Goal of the exercise: Where the records below reach the line containing "rewrite mulmx_block !mulmx1", start transcribing, and end with the line containing "have half : 2^-1 *: (D + D) = D.", exactly and with nothing else added.

(Collected data)

**********

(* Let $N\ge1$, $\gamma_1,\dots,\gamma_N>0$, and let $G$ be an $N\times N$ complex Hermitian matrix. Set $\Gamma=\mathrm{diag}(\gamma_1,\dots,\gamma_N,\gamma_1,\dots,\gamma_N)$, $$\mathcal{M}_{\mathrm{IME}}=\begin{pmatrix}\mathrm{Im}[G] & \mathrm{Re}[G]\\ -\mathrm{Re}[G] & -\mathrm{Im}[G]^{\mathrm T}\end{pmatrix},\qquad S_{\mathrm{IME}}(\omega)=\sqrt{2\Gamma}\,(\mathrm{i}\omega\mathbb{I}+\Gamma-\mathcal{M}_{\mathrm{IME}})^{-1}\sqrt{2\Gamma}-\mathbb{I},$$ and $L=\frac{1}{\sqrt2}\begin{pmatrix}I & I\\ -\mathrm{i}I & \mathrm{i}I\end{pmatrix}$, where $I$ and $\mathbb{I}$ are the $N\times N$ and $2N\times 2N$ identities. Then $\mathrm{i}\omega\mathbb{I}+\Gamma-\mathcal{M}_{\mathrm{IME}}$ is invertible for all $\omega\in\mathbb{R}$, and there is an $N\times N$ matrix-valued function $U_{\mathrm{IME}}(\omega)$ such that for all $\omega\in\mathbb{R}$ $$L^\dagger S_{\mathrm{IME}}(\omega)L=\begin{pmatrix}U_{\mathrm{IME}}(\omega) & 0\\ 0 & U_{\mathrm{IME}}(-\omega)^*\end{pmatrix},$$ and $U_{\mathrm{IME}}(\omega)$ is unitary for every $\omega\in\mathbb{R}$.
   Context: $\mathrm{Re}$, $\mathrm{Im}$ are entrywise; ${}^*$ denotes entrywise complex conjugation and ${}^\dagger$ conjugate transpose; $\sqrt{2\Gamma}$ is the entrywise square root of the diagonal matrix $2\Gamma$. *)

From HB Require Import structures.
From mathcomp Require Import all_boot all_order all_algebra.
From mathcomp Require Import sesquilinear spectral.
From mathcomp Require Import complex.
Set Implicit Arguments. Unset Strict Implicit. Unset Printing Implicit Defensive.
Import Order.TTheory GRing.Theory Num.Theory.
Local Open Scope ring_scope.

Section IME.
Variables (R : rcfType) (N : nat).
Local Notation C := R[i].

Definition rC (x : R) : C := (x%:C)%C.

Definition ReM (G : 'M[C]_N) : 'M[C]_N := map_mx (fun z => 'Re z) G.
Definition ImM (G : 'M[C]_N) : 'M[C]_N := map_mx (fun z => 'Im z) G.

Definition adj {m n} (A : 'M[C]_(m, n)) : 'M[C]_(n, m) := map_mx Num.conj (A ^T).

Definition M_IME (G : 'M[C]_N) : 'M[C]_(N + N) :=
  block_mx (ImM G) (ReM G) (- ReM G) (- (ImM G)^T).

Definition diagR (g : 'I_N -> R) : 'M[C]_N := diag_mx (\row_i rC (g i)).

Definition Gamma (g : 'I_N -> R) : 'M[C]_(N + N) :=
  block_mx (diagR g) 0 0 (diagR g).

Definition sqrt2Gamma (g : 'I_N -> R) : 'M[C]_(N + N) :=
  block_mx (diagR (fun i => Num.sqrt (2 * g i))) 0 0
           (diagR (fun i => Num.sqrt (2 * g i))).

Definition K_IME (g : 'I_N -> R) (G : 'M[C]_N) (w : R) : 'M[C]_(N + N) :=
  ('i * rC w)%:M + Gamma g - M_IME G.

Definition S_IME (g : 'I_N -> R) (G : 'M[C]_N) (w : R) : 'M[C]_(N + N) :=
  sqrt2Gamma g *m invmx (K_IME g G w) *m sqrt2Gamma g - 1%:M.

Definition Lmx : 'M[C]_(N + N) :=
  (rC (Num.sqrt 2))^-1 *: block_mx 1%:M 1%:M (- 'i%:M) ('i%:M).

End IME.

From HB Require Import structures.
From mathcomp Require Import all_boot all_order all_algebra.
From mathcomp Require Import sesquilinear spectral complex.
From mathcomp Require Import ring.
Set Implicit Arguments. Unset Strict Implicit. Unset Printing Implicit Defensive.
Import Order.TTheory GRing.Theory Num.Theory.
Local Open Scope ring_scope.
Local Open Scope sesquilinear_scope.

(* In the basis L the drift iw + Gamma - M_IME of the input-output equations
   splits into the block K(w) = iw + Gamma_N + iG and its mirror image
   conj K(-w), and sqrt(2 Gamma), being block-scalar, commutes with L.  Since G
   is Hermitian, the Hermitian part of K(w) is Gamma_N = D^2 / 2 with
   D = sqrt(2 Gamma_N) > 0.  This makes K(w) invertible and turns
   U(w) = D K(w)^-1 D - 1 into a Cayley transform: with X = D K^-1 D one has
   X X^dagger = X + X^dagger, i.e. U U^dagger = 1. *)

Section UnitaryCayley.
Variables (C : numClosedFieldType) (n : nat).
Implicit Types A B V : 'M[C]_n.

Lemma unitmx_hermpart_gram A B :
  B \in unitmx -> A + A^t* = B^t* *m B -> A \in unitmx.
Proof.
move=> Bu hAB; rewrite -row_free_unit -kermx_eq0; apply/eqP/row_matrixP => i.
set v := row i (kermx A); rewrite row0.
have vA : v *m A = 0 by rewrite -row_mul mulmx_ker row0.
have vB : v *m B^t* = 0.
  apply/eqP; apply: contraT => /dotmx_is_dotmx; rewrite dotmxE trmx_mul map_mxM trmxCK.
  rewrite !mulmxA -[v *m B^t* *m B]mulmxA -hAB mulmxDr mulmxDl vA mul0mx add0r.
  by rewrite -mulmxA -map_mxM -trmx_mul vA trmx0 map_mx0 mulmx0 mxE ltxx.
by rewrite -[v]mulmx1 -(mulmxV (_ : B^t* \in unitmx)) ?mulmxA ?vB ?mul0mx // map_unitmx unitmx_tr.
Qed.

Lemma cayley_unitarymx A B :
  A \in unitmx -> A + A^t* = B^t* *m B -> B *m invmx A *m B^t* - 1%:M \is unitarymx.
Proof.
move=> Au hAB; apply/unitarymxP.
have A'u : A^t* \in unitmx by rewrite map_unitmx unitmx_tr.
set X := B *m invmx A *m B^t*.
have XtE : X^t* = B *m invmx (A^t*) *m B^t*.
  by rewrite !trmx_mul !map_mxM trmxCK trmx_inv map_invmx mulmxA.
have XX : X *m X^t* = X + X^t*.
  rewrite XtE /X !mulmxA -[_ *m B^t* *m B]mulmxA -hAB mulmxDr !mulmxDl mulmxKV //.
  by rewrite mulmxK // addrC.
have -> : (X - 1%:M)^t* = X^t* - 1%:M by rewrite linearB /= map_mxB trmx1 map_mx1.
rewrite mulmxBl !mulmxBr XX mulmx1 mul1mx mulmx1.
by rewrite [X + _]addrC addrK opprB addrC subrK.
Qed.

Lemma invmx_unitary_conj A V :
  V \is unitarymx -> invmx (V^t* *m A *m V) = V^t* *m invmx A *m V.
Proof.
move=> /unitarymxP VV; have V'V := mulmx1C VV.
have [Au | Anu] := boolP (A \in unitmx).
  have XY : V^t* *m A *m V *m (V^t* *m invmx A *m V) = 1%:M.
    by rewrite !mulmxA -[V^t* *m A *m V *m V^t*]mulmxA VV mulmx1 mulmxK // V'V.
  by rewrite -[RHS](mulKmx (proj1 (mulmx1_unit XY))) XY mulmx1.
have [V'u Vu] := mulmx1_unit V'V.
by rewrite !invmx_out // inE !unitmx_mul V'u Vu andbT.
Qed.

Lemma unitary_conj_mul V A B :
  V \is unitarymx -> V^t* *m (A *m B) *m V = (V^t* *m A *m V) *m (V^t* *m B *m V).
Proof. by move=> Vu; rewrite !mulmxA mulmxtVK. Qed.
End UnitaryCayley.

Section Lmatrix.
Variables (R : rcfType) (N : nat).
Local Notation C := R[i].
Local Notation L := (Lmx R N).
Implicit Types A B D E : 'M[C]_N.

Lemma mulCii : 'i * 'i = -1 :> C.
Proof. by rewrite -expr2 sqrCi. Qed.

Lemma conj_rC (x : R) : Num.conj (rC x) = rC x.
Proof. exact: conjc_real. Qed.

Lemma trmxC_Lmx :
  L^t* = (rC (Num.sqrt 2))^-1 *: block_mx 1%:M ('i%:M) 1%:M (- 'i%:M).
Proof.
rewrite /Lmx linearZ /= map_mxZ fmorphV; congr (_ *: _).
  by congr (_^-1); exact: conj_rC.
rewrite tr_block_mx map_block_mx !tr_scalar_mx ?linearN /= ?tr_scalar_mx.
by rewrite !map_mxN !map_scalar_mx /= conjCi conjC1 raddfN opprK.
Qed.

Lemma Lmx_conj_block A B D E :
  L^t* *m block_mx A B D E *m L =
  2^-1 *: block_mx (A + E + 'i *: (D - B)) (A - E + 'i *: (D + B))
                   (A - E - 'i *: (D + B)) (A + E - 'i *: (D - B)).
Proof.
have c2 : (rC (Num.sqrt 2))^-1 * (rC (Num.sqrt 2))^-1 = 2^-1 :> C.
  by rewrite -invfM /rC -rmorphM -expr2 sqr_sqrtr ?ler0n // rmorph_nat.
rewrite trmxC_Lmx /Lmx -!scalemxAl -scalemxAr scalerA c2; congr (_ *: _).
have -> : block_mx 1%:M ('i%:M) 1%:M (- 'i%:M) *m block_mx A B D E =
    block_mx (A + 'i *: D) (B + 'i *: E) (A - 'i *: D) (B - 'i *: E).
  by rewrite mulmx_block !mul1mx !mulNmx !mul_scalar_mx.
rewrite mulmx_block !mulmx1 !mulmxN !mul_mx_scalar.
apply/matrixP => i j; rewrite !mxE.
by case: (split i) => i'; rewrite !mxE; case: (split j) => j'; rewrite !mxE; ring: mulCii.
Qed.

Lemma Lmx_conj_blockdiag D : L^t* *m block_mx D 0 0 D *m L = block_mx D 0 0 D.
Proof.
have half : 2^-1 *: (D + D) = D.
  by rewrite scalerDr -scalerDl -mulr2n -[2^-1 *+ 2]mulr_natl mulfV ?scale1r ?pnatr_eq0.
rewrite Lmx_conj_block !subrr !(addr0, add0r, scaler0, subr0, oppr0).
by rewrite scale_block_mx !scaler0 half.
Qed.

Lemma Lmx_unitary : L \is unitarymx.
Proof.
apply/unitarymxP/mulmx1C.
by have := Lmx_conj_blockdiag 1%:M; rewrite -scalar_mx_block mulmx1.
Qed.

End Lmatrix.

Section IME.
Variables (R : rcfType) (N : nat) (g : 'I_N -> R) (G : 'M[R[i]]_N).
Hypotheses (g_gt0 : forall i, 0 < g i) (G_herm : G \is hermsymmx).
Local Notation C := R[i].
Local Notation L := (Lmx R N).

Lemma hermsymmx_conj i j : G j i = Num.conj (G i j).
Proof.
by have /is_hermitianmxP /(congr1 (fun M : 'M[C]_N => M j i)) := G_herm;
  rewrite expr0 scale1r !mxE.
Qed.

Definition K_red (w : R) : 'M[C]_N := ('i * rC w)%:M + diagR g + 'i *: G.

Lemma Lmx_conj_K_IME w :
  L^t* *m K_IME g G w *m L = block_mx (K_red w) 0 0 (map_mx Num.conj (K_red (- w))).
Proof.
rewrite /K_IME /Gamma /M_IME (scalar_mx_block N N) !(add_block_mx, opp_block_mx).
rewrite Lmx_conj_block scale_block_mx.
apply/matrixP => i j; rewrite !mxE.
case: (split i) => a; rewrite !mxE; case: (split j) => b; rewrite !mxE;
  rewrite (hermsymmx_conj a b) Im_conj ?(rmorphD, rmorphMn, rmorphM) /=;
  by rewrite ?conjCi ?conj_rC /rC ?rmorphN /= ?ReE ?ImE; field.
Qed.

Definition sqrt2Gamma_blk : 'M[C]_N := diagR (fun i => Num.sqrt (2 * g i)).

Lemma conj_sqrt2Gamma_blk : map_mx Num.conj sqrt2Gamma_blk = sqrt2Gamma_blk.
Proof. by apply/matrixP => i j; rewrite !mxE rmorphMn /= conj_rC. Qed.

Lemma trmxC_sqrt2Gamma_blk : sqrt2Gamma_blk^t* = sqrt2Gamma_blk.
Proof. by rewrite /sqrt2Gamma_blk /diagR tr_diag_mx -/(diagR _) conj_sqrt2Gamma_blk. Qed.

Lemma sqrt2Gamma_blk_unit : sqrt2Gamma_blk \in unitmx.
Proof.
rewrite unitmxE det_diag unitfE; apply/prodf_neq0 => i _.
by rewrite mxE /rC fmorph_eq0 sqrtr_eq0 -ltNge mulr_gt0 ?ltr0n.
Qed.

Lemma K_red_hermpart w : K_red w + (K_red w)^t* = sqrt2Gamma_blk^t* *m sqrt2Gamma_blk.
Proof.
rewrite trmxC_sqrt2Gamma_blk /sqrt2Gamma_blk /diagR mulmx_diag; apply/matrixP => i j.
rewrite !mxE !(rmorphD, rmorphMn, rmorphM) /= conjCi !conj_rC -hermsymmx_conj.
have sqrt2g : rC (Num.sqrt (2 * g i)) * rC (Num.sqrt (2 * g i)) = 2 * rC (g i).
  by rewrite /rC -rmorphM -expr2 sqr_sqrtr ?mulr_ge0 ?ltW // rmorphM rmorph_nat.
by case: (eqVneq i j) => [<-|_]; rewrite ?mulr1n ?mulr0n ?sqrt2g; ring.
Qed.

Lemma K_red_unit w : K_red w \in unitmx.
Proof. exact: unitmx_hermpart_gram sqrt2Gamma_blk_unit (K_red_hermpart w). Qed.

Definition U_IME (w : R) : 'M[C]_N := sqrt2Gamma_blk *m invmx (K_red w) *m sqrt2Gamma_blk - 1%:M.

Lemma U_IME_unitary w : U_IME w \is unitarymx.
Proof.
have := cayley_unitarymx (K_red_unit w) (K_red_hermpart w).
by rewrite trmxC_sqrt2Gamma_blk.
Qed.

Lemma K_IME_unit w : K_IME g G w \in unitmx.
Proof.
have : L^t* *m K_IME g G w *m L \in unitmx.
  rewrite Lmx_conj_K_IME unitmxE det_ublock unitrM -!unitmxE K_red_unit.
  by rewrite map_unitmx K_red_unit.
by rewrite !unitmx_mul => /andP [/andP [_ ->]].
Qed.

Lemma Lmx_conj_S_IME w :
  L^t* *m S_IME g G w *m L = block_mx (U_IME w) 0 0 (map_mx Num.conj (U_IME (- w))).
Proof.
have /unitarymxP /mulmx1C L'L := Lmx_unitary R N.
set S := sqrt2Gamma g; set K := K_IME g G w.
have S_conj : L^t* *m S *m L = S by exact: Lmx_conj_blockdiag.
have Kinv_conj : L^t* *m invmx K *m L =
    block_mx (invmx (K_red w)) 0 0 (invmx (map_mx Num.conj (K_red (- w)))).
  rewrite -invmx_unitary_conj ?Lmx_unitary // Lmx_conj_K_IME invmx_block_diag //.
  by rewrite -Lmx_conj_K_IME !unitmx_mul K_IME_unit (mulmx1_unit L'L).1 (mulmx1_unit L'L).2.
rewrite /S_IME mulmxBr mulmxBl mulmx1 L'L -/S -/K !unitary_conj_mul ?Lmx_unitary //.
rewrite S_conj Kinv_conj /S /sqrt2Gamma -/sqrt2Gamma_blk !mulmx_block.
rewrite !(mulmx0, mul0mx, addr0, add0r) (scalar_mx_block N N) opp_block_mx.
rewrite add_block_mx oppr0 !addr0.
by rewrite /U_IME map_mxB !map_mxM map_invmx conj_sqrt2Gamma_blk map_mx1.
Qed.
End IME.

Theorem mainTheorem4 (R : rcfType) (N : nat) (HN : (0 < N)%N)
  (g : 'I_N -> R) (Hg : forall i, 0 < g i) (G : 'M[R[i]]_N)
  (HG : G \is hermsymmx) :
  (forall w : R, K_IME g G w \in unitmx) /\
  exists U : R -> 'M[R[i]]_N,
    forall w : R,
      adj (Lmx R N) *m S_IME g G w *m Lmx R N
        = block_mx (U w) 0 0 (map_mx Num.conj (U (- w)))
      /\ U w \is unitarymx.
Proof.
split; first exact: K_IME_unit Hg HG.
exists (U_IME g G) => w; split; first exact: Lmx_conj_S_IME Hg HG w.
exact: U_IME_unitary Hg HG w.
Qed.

**********

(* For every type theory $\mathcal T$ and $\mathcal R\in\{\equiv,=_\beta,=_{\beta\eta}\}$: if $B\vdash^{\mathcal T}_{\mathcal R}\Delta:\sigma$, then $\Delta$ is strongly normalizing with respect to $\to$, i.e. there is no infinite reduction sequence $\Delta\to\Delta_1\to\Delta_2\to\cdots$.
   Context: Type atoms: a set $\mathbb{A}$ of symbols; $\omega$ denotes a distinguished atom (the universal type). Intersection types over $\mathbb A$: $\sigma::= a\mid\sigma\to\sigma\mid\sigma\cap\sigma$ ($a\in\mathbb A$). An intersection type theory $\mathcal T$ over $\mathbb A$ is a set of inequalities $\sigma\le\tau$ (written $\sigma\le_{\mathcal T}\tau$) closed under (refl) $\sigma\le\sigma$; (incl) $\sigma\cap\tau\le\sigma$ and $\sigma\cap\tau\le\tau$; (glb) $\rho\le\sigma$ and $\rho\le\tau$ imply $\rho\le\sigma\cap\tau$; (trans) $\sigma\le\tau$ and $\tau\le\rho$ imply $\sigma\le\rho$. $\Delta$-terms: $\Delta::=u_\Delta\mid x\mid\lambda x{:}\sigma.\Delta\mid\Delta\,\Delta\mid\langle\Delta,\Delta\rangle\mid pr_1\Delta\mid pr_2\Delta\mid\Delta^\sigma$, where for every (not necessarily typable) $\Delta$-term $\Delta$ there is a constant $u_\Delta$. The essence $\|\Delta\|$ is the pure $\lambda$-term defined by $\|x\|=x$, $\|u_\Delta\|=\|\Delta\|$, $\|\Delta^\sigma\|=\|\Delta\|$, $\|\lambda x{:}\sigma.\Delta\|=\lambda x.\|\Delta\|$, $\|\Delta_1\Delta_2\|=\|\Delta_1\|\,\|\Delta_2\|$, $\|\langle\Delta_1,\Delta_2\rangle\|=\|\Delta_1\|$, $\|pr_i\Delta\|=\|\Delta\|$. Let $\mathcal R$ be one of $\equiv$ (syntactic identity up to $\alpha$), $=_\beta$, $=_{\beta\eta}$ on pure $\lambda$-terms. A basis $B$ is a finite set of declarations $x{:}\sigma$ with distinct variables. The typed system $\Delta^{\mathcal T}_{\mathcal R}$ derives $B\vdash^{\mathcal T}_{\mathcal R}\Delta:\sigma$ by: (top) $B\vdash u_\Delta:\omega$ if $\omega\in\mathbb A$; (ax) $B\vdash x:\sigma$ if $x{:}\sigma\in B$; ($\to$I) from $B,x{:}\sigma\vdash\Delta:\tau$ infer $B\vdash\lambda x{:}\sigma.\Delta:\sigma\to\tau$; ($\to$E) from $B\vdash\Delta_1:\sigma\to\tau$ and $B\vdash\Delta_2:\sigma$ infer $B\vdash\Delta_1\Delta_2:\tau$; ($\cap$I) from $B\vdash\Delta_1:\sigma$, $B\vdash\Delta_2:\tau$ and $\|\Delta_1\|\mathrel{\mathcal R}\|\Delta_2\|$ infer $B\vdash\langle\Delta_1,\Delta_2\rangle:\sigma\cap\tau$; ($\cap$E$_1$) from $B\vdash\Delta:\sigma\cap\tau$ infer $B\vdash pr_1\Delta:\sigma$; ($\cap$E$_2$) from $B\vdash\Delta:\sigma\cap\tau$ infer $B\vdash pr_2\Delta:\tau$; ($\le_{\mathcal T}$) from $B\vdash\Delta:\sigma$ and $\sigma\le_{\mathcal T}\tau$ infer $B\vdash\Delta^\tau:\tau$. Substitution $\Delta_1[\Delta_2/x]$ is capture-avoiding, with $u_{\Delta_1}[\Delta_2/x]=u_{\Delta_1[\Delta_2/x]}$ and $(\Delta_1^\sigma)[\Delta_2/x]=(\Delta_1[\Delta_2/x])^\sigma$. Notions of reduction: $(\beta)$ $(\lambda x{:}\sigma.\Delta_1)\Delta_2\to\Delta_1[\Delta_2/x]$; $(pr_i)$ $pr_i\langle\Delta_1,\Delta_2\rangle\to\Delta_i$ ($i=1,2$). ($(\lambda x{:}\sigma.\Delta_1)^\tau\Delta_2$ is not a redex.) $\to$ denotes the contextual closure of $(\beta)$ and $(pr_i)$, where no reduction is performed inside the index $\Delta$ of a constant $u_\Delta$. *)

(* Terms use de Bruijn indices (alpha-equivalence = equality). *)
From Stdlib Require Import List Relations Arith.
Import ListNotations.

**********

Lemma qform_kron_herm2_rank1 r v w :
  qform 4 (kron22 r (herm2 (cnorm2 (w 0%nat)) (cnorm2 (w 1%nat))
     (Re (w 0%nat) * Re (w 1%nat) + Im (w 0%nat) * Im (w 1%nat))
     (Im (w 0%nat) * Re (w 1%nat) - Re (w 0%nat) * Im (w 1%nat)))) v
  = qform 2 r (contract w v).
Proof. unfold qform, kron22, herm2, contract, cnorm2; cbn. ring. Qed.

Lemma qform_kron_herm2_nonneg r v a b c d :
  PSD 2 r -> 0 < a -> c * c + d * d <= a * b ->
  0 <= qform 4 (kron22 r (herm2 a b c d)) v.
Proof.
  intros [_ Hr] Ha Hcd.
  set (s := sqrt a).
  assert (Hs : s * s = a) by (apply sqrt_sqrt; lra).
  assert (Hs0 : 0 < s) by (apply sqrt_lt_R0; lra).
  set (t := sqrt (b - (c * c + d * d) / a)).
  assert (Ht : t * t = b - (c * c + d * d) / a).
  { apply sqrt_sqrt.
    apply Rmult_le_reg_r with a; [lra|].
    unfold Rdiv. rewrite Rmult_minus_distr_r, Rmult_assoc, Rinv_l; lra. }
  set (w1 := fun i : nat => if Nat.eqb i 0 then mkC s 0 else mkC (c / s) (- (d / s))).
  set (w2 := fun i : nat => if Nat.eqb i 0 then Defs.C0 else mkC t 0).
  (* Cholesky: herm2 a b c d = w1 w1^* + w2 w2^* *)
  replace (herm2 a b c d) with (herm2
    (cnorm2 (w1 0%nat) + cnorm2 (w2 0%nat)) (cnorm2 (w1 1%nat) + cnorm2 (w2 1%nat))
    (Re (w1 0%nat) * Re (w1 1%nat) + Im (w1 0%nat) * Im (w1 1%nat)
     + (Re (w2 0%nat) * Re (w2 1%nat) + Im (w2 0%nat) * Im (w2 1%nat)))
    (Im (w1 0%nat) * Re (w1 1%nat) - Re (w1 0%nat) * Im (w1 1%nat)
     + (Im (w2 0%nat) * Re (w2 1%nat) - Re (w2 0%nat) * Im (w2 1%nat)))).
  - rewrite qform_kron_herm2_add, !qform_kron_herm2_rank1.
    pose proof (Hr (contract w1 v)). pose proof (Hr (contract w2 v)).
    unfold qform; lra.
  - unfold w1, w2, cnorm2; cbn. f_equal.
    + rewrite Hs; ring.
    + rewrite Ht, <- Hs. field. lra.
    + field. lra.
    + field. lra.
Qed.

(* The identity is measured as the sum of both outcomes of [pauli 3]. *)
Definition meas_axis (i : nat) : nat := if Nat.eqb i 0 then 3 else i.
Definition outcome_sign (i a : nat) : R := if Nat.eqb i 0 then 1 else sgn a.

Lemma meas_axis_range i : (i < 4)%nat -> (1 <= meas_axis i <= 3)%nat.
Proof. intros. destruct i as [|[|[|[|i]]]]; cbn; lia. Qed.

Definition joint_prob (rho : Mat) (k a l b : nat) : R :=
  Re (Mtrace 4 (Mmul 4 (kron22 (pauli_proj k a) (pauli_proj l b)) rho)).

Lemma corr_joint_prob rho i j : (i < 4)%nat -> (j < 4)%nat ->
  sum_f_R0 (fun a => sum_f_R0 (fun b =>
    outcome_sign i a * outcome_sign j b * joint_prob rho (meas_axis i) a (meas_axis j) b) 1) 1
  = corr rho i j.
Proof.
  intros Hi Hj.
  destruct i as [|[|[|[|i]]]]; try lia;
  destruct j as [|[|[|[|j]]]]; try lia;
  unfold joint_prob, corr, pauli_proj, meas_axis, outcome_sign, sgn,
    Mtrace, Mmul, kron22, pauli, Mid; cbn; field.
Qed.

**********

Solution to this problem:
rewrite mulmx_block !mulmx1 !mulmxN !mul_mx_scalar.
apply/matrixP => i j; rewrite !mxE.
by case: (split i) => i'; rewrite !mxE; case: (split j) => j'; rewrite !mxE; ring: mulCii.
Qed.

Lemma Lmx_conj_blockdiag D : L^t* *m block_mx D 0 0 D *m L = block_mx D 0 0 D.
Proof.
have half : 2^-1 *: (D + D) = D.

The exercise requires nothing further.